“Very true; what difference would it make?” answered M. Goefle. “Perhaps you may not be worth the pains I have been taking this hour past to put you in the way of discovering your family. It is from a professional habit of mind: let us say no more about it; particularly as in all that you have told me there is not a single definite fact to serve as the basis for framing ingenious and learned deductions. Wait, however;—what was done with the money of the man in the mask?”
“My good parents, imagining that it may have been the hire of a kidnapper, or the reward of some other crime, and believing, therefore, that it could not bring me good fortune, hastened to deposit it in the box for the poor in the cathedral of Perugia.”
“But you mentioned that you yourself spoke some language when you were brought there.”
“Certainly; but I quickly forgot it, as there was no one for me to talk to in it. I only know that a German philologist, who was visiting us next year, tried to unravel the mystery, at which time I had a good deal of trouble to remember a few words of this old language of mine.

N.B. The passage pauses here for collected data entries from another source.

(* Let $f:\mathbb{R}^n\to\mathbb{R}\cup\{+\infty\}$ be a polyhedral M-convex function with bounded $\operatorname{dom}_{\mathbb{R}} f$, and $y\in\operatorname{dom}_{\mathbb{R}} f$ with $\phi_{\mathbb{R}}(y)<0$. Let $i\in N$ satisfy $f'_{\mathbb{R}}(y;i,j)>\phi_{\mathbb{R}}(y)$ for all $j\in N\setminus\{i\}$, let $h,k\in N$ be distinct with $f'_{\mathbb{R}}(y;h,k)=\phi_{\mathbb{R}}(y)$, and let $0<\lambda\le\bar c_{\mathbb{R}}(y;h,k)$. Then $\hat y:=y+\lambda(\chi_h-\chi_k)$ satisfies $f'_{\mathbb{R}}(\hat y;i,j)>\phi_{\mathbb{R}}(y)$ for every $j\in N\setminus\{i\}$.
   Context: $N=\{1,\dots,n\}$; $\chi_i$ is the $i$-th unit vector. $\operatorname{dom}_{\mathbb{R}} f=\{x\in\mathbb{R}^n:f(x)<+\infty\}$. A polyhedral convex function $f:\mathbb{R}^n\to\mathbb{R}\cup\{+\infty\}$ (epigraph a polyhedron, $\operatorname{dom}_{\mathbb{R}} f\neq\emptyset$) is M-convex if for all $x,y\in\operatorname{dom}_{\mathbb{R}} f$ and every $i$ with $x(i)>y(i)$ there exist $j$ with $x(j)<y(j)$ and $\epsilon_0>0$ such that $f(x)+f(y)\ge f(x-\epsilon(\chi_i-\chi_j))+f(y+\epsilon(\chi_i-\chi_j))$ for all $\epsilon\in[0,\epsilon_0]$. For $x\in\operatorname{dom}_{\mathbb{R}} f$, $f'_{\mathbb{R}}(x;i,j)=\lim_{\alpha\downarrow0}(f(x+\alpha(\chi_i-\chi_j))-f(x))/\alpha$ (possibly $+\infty$), $\phi_{\mathbb{R}}(x)=\min_{i,j\in N}f'_{\mathbb{R}}(x;i,j)$, and for finite $f'_{\mathbb{R}}(x;i,j)$, $\bar c_{\mathbb{R}}(x;i,j)=\max\{\lambda\ge0: f(x+\lambda(\chi_i-\chi_j))-f(x)=\lambda f'_{\mathbb{R}}(x;i,j)\}$. *)

From HB Require Import structures.
From mathcomp Require Import all_boot all_order all_algebra.
From mathcomp Require Import all_classical all_reals all_analysis.
Set Implicit Arguments. Unset Strict Implicit. Unset Printing Implicit Defensive.
Import Order.TTheory GRing.Theory Num.Theory.
Local Open Scope ring_scope.
Local Open Scope classical_set_scope.

Section Defs.
Variables (R : realType) (n : nat).
Implicit Types (f : 'rV[R]_n -> \bar R) (x y : 'rV[R]_n) (i j : 'I_n).

Definition chi i : 'rV[R]_n := delta_mx 0 i.

Definition dom f x : Prop := (f x < +oo)%E.

(* polyhedral convex function R^n -> R \cup {+oo}: never -oo, nonempty domain,
   and the epigraph {(x,t) | f x <= t} is a polyhedron, i.e. a finite
   intersection of closed half-spaces of R^n x R. *)
Definition polyhedral_convex f : Prop :=
  [/\ (forall x, f x != -oo%E), (exists x, dom f x) &
      exists (m : nat) (A : 'I_m -> 'rV[R]_n) (b c : 'I_m -> R),
        forall x (t : R), (f x <= t%:E)%E <->
          (forall l, \sum_(p < n) A l 0 p * x 0 p + b l * t <= c l)].

Definition M_convex f : Prop :=
  forall x y, dom f x -> dom f y -> forall i, y 0 i < x 0 i ->
    exists j, x 0 j < y 0 j /\
      exists2 eps0 : R, 0 < eps0 &
        forall eps : R, 0 <= eps <= eps0 ->
          (f (x - eps *: (chi i - chi j))%R + f (y + eps *: (chi i - chi j))%R
             <= f x + f y)%E.

Definition dom_bounded f : Prop :=
  exists M : R, forall x, dom f x -> forall p, `|x 0 p| <= M.

Definition ddir f x i j : \bar R :=
  lim ((fun a : R => ((f (x + a *: (chi i - chi j))%R - f x) * (a^-1)%:E)%E) @ 0^'+).

Definition phi f x : \bar R :=
  \big[Order.min/+oo%E]_(i < n) \big[Order.min/+oo%E]_(j < n) ddir f x i j.

(* cbar_R(x; i, j) = max {lam >= 0 | f(x + lam(chi_i - chi_j)) - f x = lam f'_R(x;i,j)},
   rendered as the supremum (which is the maximum whenever the maximum exists). *)
Definition cbar f x i j : \bar R :=
  ereal_sup [set lam%:E | lam in [set lam : R | 0 <= lam /\
     (f (x + lam *: (chi i - chi j))%R - f x = lam%:E * ddir f x i j)%E]].

End Defs.
Arguments chi {R n} i.
Lemma is_prox_le lam f v u x : 0 < lam -> proper_fun f -> convex_efun f ->
  is_prox lam f v u -> f x \is a fin_num ->
  lam * (fine (f u) - fine (f x)) <= ip (u - v) (x - u).
Proof.
move=> lam0 fp fconv prox fx; have fu := is_prox_fin_num fp prox.
move: (esym (fineK fu)) (esym (fineK fx)) => {fu fx}.
move: (fine (f u)) (fine (f x)) => r s fur fxs.
set P := ip (u - v) (x - u); set Q := enorm (x - u) ^+ 2.
rewrite -[leRHS]mul1r -(mulfV (lt0r_neq0 lam0)) -mulrA ler_pM2l //.
(* Compare the prox objective at u with its value at u + t (x - u), then let t -> 0. *)
apply: (@ler_of_forall_addM01 _ _ _ ((2 * lam)^-1 * Q)) => t /andP[t0 t1].
set u' := t *: x + (1 - t) *: u.
have conv : (f u' <= (t * s + (1 - t) * r)%:E)%E.
  by have := fconv x u t; rewrite t0 t1 fur fxs -!EFinM -EFinD; apply.
have fu' : f u' \is a fin_num.
  by apply: proper_fin_num => //; apply: le_lt_trans conv (ltry _).
rewrite -(fineK fu') lee_fin in conv.
have := prox u'; rewrite fur -(fineK fu') -!EFinD lee_fin.
have -> : u' - v = (u - v) + t *: (x - u) by apply/rowP => i; rewrite !mxE; ring.
rewrite (enorm_sqrD (u - v)) ipZr -/P [enorm (_ *: _) ^+ 2]enorm_sqr ipZl ipZr -enorm_sqr -/Q.
move=> h; rewrite -(ler_pM2l t0); rewrite invfM in h *; lra.
Qed.

Lemma convex_grad_le (h : 'rV[R]_k -> R) (gh : 'rV[R]_k -> 'rV[R]_k) x y :
  convex_rfun h -> differentiable h x -> (forall v, 'd h x v = ip (gh x) v) ->
  ip (gh x) (y - x) <= h y - h x.
Proof.
move=> hconv hdiff hgrad; rewrite -hgrad -deriveE //.
set q := fun t : R => t^-1 *: ((h \o shift x) (t *: (y - x)) - h x).
have qr : q @ 0^'+ --> 'D_(y - x) h x.
  have qd : q @ 0^' --> 'D_(y - x) h x by apply: diff_derivable.
  move=> A /qd /nbhs_ballP[_ /posnumP[e] eA]; exists e%:num => //= t et.
  by rewrite lt_def => /andP[t0 _]; apply: eA.
apply: (cvgr_to_le qr); near=> t.
have t0 : 0 < t by near: t; exact: nbhs_right_gt.
have t1 : t < 1 by near: t; apply: nbhs_right_lt; exact: ltr01.
rewrite /q /= -[_ *: _]/(_ * _) ler_pdivrMl //.
have -> : t *: (y - x) + x = t *: y + (1 - t) *: x.
  by apply/rowP => i; rewrite !mxE; ring.
have := hconv y x t; rewrite t0 t1 => /(_ isT); lra.
Unshelve. all: by end_near.
Qed.

End ConvexAnalysis.

Section RealFacts.
Variable R : realType.

Lemma sqr_le_add1_of_le_phi_gold (p : R) : 0 < p -> p <= phi_gold R -> p ^+ 2 <= p + 1.
Proof.
rewrite /phi_gold ler_pdivlMr // => p0 pphi.
have s5 : Num.sqrt 5 ^+ 2 = 5 :> R by rewrite sqr_sqrtr.
have s0 : 0 <= Num.sqrt 5 :> R := sqrtr_ge0 5.
have s1 : 1 <= Num.sqrt 5 :> R by nra.
have : 0 <= (1 + Num.sqrt 5 - p * 2) * (p * 2 - 1 + Num.sqrt 5) by apply: mulr_ge0; lra.
lra.
Qed.

Lemma exists_dilation_margin (a b p : R) : 0 <= a -> 0 <= b -> a + b < p ->
  exists2 e, 0 < e & (1 + e) * (a + (1 + e) ^+ 2 * b) <= p.
Proof.
(* e := (p - a - b) / (7 p) works since (1 + e) ^+ 3 <= 1 + 7 e for e <= 1. *)
move=> a0 b0 abp; have p0 : 0 < p by lra.
have d0 : 0 < p - a - b by lra.
set e := (p - a - b) / (7 * p).
have e0 : 0 < e by rewrite divr_gt0 ?mulr_gt0.
have e7 : 7 * e * p = p - a - b by rewrite /e; field; rewrite lt0r_neq0.
have e1 : e <= 1 by nra.
exists e => //.
have : b * (1 + e) ^+ 3 <= b * (1 + 7 * e) by apply: ler_wpM2l => //; nra.
have := mulr_ge0 (ltW e0) (ltW d0); have := mulr_ge0 a0 (ltW e0); lra.
Qed.

Lemma ratio_or_mulr_le (t d a b : R) : 0 <= a -> 0 <= b -> t <= ratio_or d a b -> t * b <= a.
Proof.
rewrite /ratio_or => a0 b0; have [->|bn0] := eqVneq b 0; first by rewrite mulr0.
by rewrite -ler_pdivlMr // lt_def bn0.
Qed.

Lemma ratio_or_ge (d q M e b : R) : 0 < q -> 0 < M -> 0 <= b -> b <= M * e ->
  Num.min d (q / M) <= ratio_or d (q * e) b.
Proof.
rewrite /ratio_or => q0 M0 b0 bMe; have [_|bn0] := eqVneq b 0; first by rewrite ge_min lexx.
have bp : 0 < b by rewrite lt_def bn0.
rewrite ge_min; apply/orP; right; rewrite ler_pdivlMr // mulrAC ler_pdivrMr //.
by rewrite -mulrA ler_pM2l // mulrC.
Qed.

Lemma nonincreasing_ratio_near1 (u : nat -> R) (c : R) : 0 < c ->
  (forall k, c <= u k) -> (forall k, u k.+1 <= u k) ->
  forall eps, 0 < eps -> exists N, forall i j, (N <= i)%N -> u i <= (1 + eps) * u j.
Proof.
move=> c0 uc /nonincreasing_seqP u_noninc eps eps0.
have infE : has_inf (range u) by split; [exists (u 0%N), 0%N | exists c => _ [k _ <-]].
have cinf : c <= inf (range u) by apply: lb_le_inf => [|_ [k _ <-]]; [exists (u 0%N), 0%N|].
have [_ [N _ <-] uN] := inf_adherent (mulr_gt0 eps0 (lt_le_trans c0 cinf)) infE.
exists N => i j Ni; have uiN := u_noninc _ _ Ni.
have : inf (range u) <= u j by apply: ge_inf; [exact: infE.2 | exists j].
nra.
Qed.

End RealFacts.

Definition Jreal (R : realType) (n m : nat) (f : 'rV[R]_n -> \bar R) (h : 'rV[R]_n -> R)
  (K : 'M[R]_(n, m)) (g : 'rV[R]_m -> \bar R) (xb : 'rV[R]_n) (wb : 'rV[R]_m) x w y : R :=
  fine (f x) + h x + fine (g w) + ip y (appK K x - w) - (fine (f xb) + h xb + fine (g wb)).

Lemma JfunE (R : realType) (n m : nat) (f : 'rV[R]_n -> \bar R) (h : 'rV[R]_n -> R)
    (K : 'M[R]_(n, m)) (g : 'rV[R]_m -> \bar R) xb wb x w y :
  f xb \is a fin_num -> g wb \is a fin_num -> f x \is a fin_num -> g w \is a fin_num ->
  Jfun f h K g xb wb x w y = (Jreal f h K g xb wb x w y)%:E.
Proof.
move=> fxb gwb fx gw; rewrite /Jfun /Phi.
by rewrite -(fineK fx) -(fineK gw) -(fineK fxb) -(fineK gwb) /= -!EFinD.
Qed.

Section PGRPDA.
Variables (R : realType) (n m : nat).
Variables (f : 'rV[R]_n -> \bar R) (g : 'rV[R]_m -> \bar R) (K : 'M[R]_(n, m)).
Variables (h : 'rV[R]_n -> R) (gh : 'rV[R]_n -> 'rV[R]_n) (Lbar : R).
Hypotheses (f_proper : proper_fun f) (f_convex : convex_efun f).
Hypotheses (g_proper : proper_fun g) (g_convex : convex_efun g).
Hypotheses (h_convex : convex_rfun h) (h_diff : forall x, differentiable h x)
  (h_grad : forall x v, 'd h x v = ip (gh x) v).
Hypothesis h_lip : forall x x', enorm (gh x - gh x') <= Lbar * enorm (x - x').
Variables (beta psi mu mu' : R).
Hypotheses (beta_gt0 : 0 < beta) (psi_gt1 : 1 < psi) (mu_gt0 : 0 < mu) (mu'_gt0 : 0 < mu').
Variables (z x : nat -> 'rV[R]_n) (w y : nat -> 'rV[R]_m) (tau : nat -> R).
Hypothesis alg : pgrpda f h gh K g beta psi mu mu' z x w y tau.

Lemma pgrpda_step k :
  [/\ z k.+1 = ((psi - 1) / psi) *: x k + psi^-1 *: z k,
      is_prox (tau k) f (z k.+1 - tau k *: adjK K (y k) - tau k *: gh (x k)) (x k.+1),
      tau k.+1 = Num.min (tau k)
                  (Num.min
                    (ratio_or (tau k) (mu * enorm (x k.+1 - x k))
                       (Num.sqrt beta * enorm (appK K (x k.+1) - appK K (x k))))
                    (ratio_or (tau k) (mu' * enorm (x k.+1 - x k))
                       (enorm (gh (x k.+1) - gh (x k))))),
      is_prox (beta * tau k.+1)^-1 g ((beta * tau k.+1)^-1 *: y k + appK K (x k.+1)) (w k.+1)
    & y k.+1 = y k + (beta * tau k.+1) *: (appK K (x k.+1) - w k.+1)].
Proof. by have [_ [_]] := alg; apply. Qed.

Lemma tau_le_prev k : tau k.+1 <= tau k.
Proof. by have [_ _ -> _ _] := pgrpda_step k; rewrite ge_min lexx. Qed.

Lemma tau_grad_test k :
  tau k.+1 * enorm (gh (x k.+1) - gh (x k)) <= mu' * enorm (x k.+1 - x k).
Proof.
apply: (ratio_or_mulr_le (d := tau k)); rewrite ?mulr_ge0 ?enorm_ge0 ?(ltW mu'_gt0) //.
by have [_ _ -> _ _] := pgrpda_step k; rewrite !ge_min lexx !orbT.
Qed.

Lemma tau_K_test k :
  tau k.+1 * (Num.sqrt beta * enorm (appK K (x k.+1) - appK K (x k)))
  <= mu * enorm (x k.+1 - x k).
Proof.
apply: (ratio_or_mulr_le (d := tau k)); rewrite ?mulr_ge0 ?sqrtr_ge0 ?enorm_ge0 ?(ltW mu_gt0) //.
by have [_ _ -> _ _] := pgrpda_step k; rewrite !ge_min lexx !orbT.
Qed.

The linguist said it was a northern dialect, and somewhat like Icelandic; but my black hair seemed in a measure to invalidate that conclusion. The attempt to discover the facts was given up. My adoptive mother wished to make me forget all about any other country or family. You may easily suppose she had little difficulty in accomplishing her object.”
“One question more,” said M. Goefle. “I cannot feel thoroughly interested in a story until I am well possessed of the beginning of it. These recollections, that faded of themselves so naturally, and which your friends tried, moreover, to help you lose—does there remain absolutely nothing of them?”
“There is something, but so vague that I cannot tell whether it is not merely a dream. It is a recollection of a strange, wild country, even grander in its features than this around me.”
“A cold country?”
“That I do not know. Children seldom feel the cold, and I was never very sensitive to it.”
“What else was there in your dream? Sunshine? snow?”
“I don’t know. Tall trees, herds of cows, I think.”